When the kid got off the phone with his agent, he was an old man. Whole life, he’d been waiting to get discovered. Only discovery? Nobody was looking for him.
Took a long, long, long time to figure that out. I always figure things out, he’d heard a pathetic blowhard blurt. The key really is timing.
The old man had actually been told while working for a top shoe company based in Beaverton, “Great idea. Why didn’t you have it sooner?”
There was this mythic notion, quite aptly described by Leonard Cohen.
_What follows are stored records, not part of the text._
Lemma coord_basis_elt (i j : 'I_k) : coord e j e`_i = (i == j)%:R.
Proof. exact: coord_free (basis_free e_basis). Qed.

Lemma eq_trace (g h : V -> V) : g =1 h -> trace g = trace h.
Proof. by move=> eq_gh; apply: eq_bigr => i _; rewrite eq_gh. Qed.

Lemma trace_sum (I : Type) (s : seq I) (c : I -> F) (g : I -> V -> V) :
  trace (fun v => \sum_(t <- s) c t *: g t v) = \sum_(t <- s) c t * trace (g t).
Proof.
rewrite /trace; under eq_bigr do rewrite linear_sum.
rewrite exchange_big; apply: eq_bigr => t _; rewrite mulr_sumr.
by apply: eq_bigr => i _; rewrite linearZ.
Qed.

Section TraceCommutator.
Variables (g h : V -> V).
Hypotheses (g_linear : linear g) (h_linear : linear h).
HB.instance Definition _ := GRing.isLinear.Build F V V *:%R g g_linear.
HB.instance Definition _ := GRing.isLinear.Build F V V *:%R h h_linear.

Lemma trace_comm : trace (g \o h) = trace (h \o g).
Proof.
rewrite /trace.
transitivity (\sum_(i < k) \sum_(j < k) coord e j (h e`_i) * coord e i (g e`_j)).
  apply: eq_bigr => i _; rewrite /= {1}(coord_expand (h e`_i)) !linear_sum.
  by apply: eq_bigr => j _; rewrite !linearZ.
rewrite exchange_big; apply: eq_bigr => j _.
rewrite /= {2}(coord_expand (g e`_j)) !linear_sum.
by apply: eq_bigr => i _; rewrite !linearZ /= mulrC.
Qed.

Lemma trace_commutator : trace (fun v => g (h v) - h (g v)) = 0.
Proof.
rewrite /trace; under eq_bigr do rewrite linearB.
by rewrite sumrB; apply/eqP; rewrite subr_eq0; apply/eqP; exact: trace_comm.
Qed.

End TraceCommutator.

Definition extend_basis (W : lmodType F) (g : nat -> W) (v : V) : W :=
  \sum_(i < k) coord e i v *: g i.

Lemma extend_basis_linear (W : lmodType F) (g : nat -> W) : linear (extend_basis g).
Proof.
move=> a u v; rewrite /extend_basis scaler_sumr -big_split; apply: eq_bigr => i _.
by rewrite linearP /= scalerDl scalerA.
Qed.

Lemma extend_basisE (W : lmodType F) (g : nat -> W) j : (j < k)%N ->
  extend_basis g e`_j = g j.
Proof.
move=> lt_jk; rewrite /extend_basis (bigD1 (Ordinal lt_jk)) //= big1 ?addr0 => [|i ne_ij].
  by rewrite (coord_basis_elt (Ordinal lt_jk)) eqxx scale1r.
by rewrite (coord_basis_elt (Ordinal lt_jk)) eq_sym (negbTE ne_ij) scale0r.
Qed.

Section LinearCoordExpand.
Variables (W : lmodType F) (f : V -> W).
Hypothesis f_linear : linear f.
HB.instance Definition _ := GRing.isLinear.Build F V W *:%R f f_linear.

Lemma linear_coord_expand v : f v = \sum_(i < k) coord e i v *: f e`_i.
Proof.
rewrite {1}(coord_expand v) linear_sum.
by apply: eq_bigr => i _; rewrite linearZ.
Qed.

End LinearCoordExpand.

Lemma linear_basis_ext (W : lmodType F) (f g : V -> W) : linear f -> linear g ->
  (forall i : 'I_k, f e`_i = g e`_i) -> f =1 g.
Proof.
move=> f_lin g_lin eq_fg v; rewrite (linear_coord_expand f_lin) (linear_coord_expand g_lin).
by apply: eq_bigr => i _; rewrite eq_fg.
Qed.

End Basis.

HB.instance Definition _ (F : fieldType) (V : vectType F) (k : nat) (e : k.-tuple V)
    (W : lmodType F) (g : nat -> W) :=
  GRing.isLinear.Build F V W *:%R (extend_basis e g) (extend_basis_linear e g).

Lemma extend_basisZ (F : fieldType) (V : vectType F) (k : nat) (e : k.-tuple V)
    (W : lmodType F) (g : nat -> W) a v :
  extend_basis e g (a *: v) = a *: extend_basis e g v.
Proof. exact: linearZ. Qed.

Section DerivedAlgebraTrace.
Variables (F : fieldType) (H L : vectType F) (brH : H -> H -> H) (brL : L -> L -> L).
Hypothesis brH_lie : lie_algebra brH.
Variable f : L -> H.
Hypotheses (f_linear : linear f) (f_inj : injective f)
  (f_derived : forall v, in_derived brH v <-> exists y, v = f y)
  (f_bracket : forall y z, f (brL y z) = brH (f y) (f z)).
HB.instance Definition _ z := GRing.isLinear.Build F H H *:%R (brH z) (lie_linearr brH_lie z).
HB.instance Definition _ := GRing.isLinear.Build F L H *:%R f f_linear.

Lemma bracket_in_image h l : exists y, brH h (f l) == f y.
Proof.
have [y ->] : exists y, brH h (f l) = f y.
  by apply/f_derived; exists [:: (1, h, f l)]; rewrite big_seq1 scale1r.
by exists y.
Qed.

(* [ad_res h] is [ad h] restricted to the ideal H^2 = f(L), read back in L. *)
Definition ad_res h l := xchoose (bracket_in_image h l).

Lemma ad_resE h l : f (ad_res h l) = brH h (f l).
Proof. by apply/eqP; rewrite eq_sym; exact: (xchooseP (bracket_in_image h l)). Qed.

Lemma ad_res_linear h : linear (ad_res h).
Proof. by move=> a u v; apply: f_inj; rewrite linearP /= !ad_resE !linearP. Qed.

Lemma ad_res_bracket h k l :
  ad_res (brH h k) l = ad_res h (ad_res k l) - ad_res k (ad_res h l).
Proof. by apply: f_inj; rewrite linearB /= !ad_resE lie_ad_bracket. Qed.

Lemma trace_ad_derived k (e : k.-tuple L) : basis_of fullv e ->
  forall y, trace e (brL y) = 0.
Proof.
move=> e_basis y; have [s fy] := (f_derived (f y)).2 (ex_intro _ y erefl).
pose comm h1 h2 l := ad_res h1 (ad_res h2 l) - ad_res h2 (ad_res h1 l).
have ad_y_sum : brL y =1 fun l => \sum_(t <- s) t.1.1 *: comm t.1.2 t.2 l.
  move=> l; apply: f_inj; rewrite f_bracket fy lie_suml // linear_sum.
  by apply: eq_bigr => t _; rewrite linearZ /= /comm -ad_res_bracket ad_resE.
rewrite (eq_trace _ ad_y_sum) trace_sum big1 // => t _.
by rewrite trace_commutator ?mulr0 //; exact: ad_res_linear.
Qed.

End DerivedAlgebraTrace.

Definition det2 (F : fieldType) (p q : F^o * F^o) : F := p.1 * q.2 - p.2 * q.1.

Lemma det2_anti (F : fieldType) (p q : F^o * F^o) : det2 q p = - det2 p q.
Proof. by rewrite /det2 opprB [q.1 * _]mulrC [q.2 * _]mulrC. Qed.

Lemma det2_linearr (F : fieldType) (a : F) (p q r : F^o * F^o) :
  det2 r (a *: p + q) = a * det2 r p + det2 r q.
Proof.
rewrite /det2 /= -[a *: p.1]/(a * (p.1 : F)) -[a *: p.2]/(a * (p.2 : F)).
move: (p.1 : F) (p.2 : F) (q.1 : F) (q.2 : F) (r.1 : F) (r.2 : F) => *; ring.
Qed.

Section DoubleExtension.
Variables (F : fieldType) (L : vectType F) (brL : L -> L -> L).
Hypothesis brL_lie : lie_algebra brL.
HB.instance Definition _ z := GRing.isLinear.Build F L L *:%R (brL z) (lie_linearr brL_lie z).
Variables (x : L) (D T : L -> L).
Hypotheses (D_linear : linear D) (T_linear : linear T)
  (D_derivation : derivation brL D) (T_derivation : derivation brL T)
  (D_x : D x = 0) (T_x : T x = 0) (DT_comm : forall l, D (T l) - T (D l) = brL x l).
HB.instance Definition _ := GRing.isLinear.Build F L L *:%R D D_linear.
HB.instance Definition _ := GRing.isLinear.Build F L L *:%R T T_linear.

(* (l, (a, b)) stands for l + a d + b t, where d and t act on L by D and T and
   [d, t] = x. *)
Definition dext := (L * (F^o * F^o))%type.

(* Locked, so that the linearity rewrites of other maps do not unfold it. *)
Fact act_key : unit. Proof. by []. Qed.
Definition act (p : F^o * F^o) l : L := locked_with act_key ((p.1 : F) *: D l + (p.2 : F) *: T l).

Definition dext_br (X Y : dext) : dext :=
  (brL X.1 Y.1 + act X.2 Y.1 - act Y.2 X.1 + det2 X.2 Y.2 *: x, 0).

Lemma act_linear p : linear (act p).
Proof.
move=> a u v; rewrite /act !unlock (linearP D) (linearP T) !scalerDr !scalerA.
by rewrite [_ * a]mulrC [(p.2 : F) * a]mulrC addrACA.
Qed.
HB.instance Definition _ p := GRing.isLinear.Build F L L *:%R (act p) (act_linear p).

Lemma act_linearl a p q l : act (a *: p + q) l = a *: act p l + act q l.
Proof. by rewrite /act !unlock /= !scalerDl -!scalerA scalerDr addrACA. Qed.

Lemma act0 l : act 0 l = 0.
Proof. by rewrite /act !unlock !scale0r addr0. Qed.

Lemma act_x p : act p x = 0.
Proof. by rewrite /act !unlock D_x T_x !scaler0 addr0. Qed.

Lemma act_derivation p : derivation brL (act p).
Proof.
move=> u v; rewrite /act !unlock D_derivation T_derivation !scalerDr.
rewrite !(lie_bracketDl brL_lie) !(lie_bracketZl brL_lie) !linearD !linearZ /=.
by rewrite addrACA.
Qed.

Lemma act_comm p q l : act p (act q l) - act q (act p l) = det2 p q *: brL x l.
Proof.
rewrite -DT_comm /act !unlock !(linearD D) !(linearD T) !(linearZ_LR D) !(linearZ_LR T).
exact: commutator_lin_comb.
Qed.

Lemma dext_eq (X Y : dext) : X.1 = Y.1 -> X.2 = Y.2 -> X = Y.
Proof. by case: X Y => [? ?] [? ?] /= -> ->. Qed.

Lemma dext_br_linearr a (X Y Z : dext) :
  dext_br Z (a *: X + Y) = a *: dext_br Z X + dext_br Z Y.
Proof.
apply: dext_eq; last by rewrite /= scaler0 addr0.
rewrite /dext_br /= linearP act_linearl linearP det2_linearr /= scalerDl -scalerA.
by rewrite addr4ACA -scalerN -!scalerDr.
Qed.

Lemma dext_br_anti (X Y : dext) : dext_br X Y = - dext_br Y X.
Proof.
apply: dext_eq; rewrite /= ?oppr0 //.
by rewrite (lie_anti brL_lie X.1) det2_anti scaleNr !opprD !opprK [_ + act X.2 Y.1 + _]addrAC.
Qed.

Lemma dext_br_alt (X : dext) : dext_br X X = 0.
Proof.
apply: dext_eq => //=.
by rewrite lie_alt // add0r subrr add0r /det2 mulrC subrr scale0r.
Qed.

Lemma dext_br_nested (X Y Z : dext) : (dext_br X (dext_br Y Z)).1 =
  brL X.1 (brL Y.1 Z.1) +
  (brL X.1 (act Y.2 Z.1) - brL X.1 (act Z.2 Y.1) - brL Z.1 (act X.2 Y.1) + brL Y.1 (act X.2 Z.1)) +
  (act X.2 (act Y.2 Z.1) - act X.2 (act Z.2 Y.1) - det2 Y.2 Z.2 *: brL x X.1).
Proof.
rewrite {1}/dext_br /= act0 /det2 /= !mulr0 subrr scale0r subr0 addr0 -/(det2 _ _).
rewrite !(linearD (brL X.1)) !(linearD (act X.2)) !(linearN (brL X.1)) !(linearN (act X.2)).
rewrite !(linearZ_LR (brL X.1)) !(linearZ_LR (act X.2)) /= act_x scaler0 addr0 act_derivation.
rewrite (lie_anti brL_lie X.1 x) (lie_anti brL_lie (act X.2 Y.1) Z.1) scalerN.
by rewrite [LHS](@GRing.add L).[AC (4*4) ((1*(2*3*5*6))*(7*8*4))].
Qed.

Lemma dext_br_jacobi (X Y Z : dext) :
  dext_br X (dext_br Y Z) + dext_br Y (dext_br Z X) + dext_br Z (dext_br X Y) = 0.
Proof.
apply: dext_eq; last by rewrite /= !addr0.
have fst_add (U V : dext) : (U + V).1 = U.1 + V.1 by [].
rewrite !fst_add !dext_br_nested addr3ACA lie_jacobi // addr_cancel_cycle !add0r.
exact: addr_cancel_cycle_sub (act_comm _ _ _) (act_comm _ _ _) (act_comm _ _ _).
Qed.

Lemma dext_lie : lie_algebra dext_br.
Proof.
split=> [a X Y Z | | |]; [| exact: dext_br_linearr | exact: dext_br_alt | exact: dext_br_jacobi].
by rewrite !(dext_br_anti _ Z) dext_br_linearr scalerN opprD.
Qed.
And reported in The New Yorker: “He always imagined himself as a writer, ‘raincoated, battered hat pulled low above intense eyes, a history of injustice in his heart, a face too noble for revenge, walking the night along some wet boulevard, followed by the sympathy of countless audiences . . . loved by two or three beautiful women who could never have him.’
That’s the mythic notion and one the old man had bought into, oh, about the early Sixties. He dreamed of being a literary celebrity.
Here all this time, he thought he wanted to be a writer. The old man wished that had been true long ago.
Writers write.
Winner of the Nobel Prize for Literature, Bob Dylan. To be honest, the old man did not see that coming.
So, there’s still hope.
The first one now will later be last.
All I can say is, I am glad my mother didn’t live to see this day. I was the first kid in town with Dylan’s first album. Which I played non-stop for days until Norma pleaded from the hallway: “Jack, honey, I’m begging you. My ears are about to bleed.”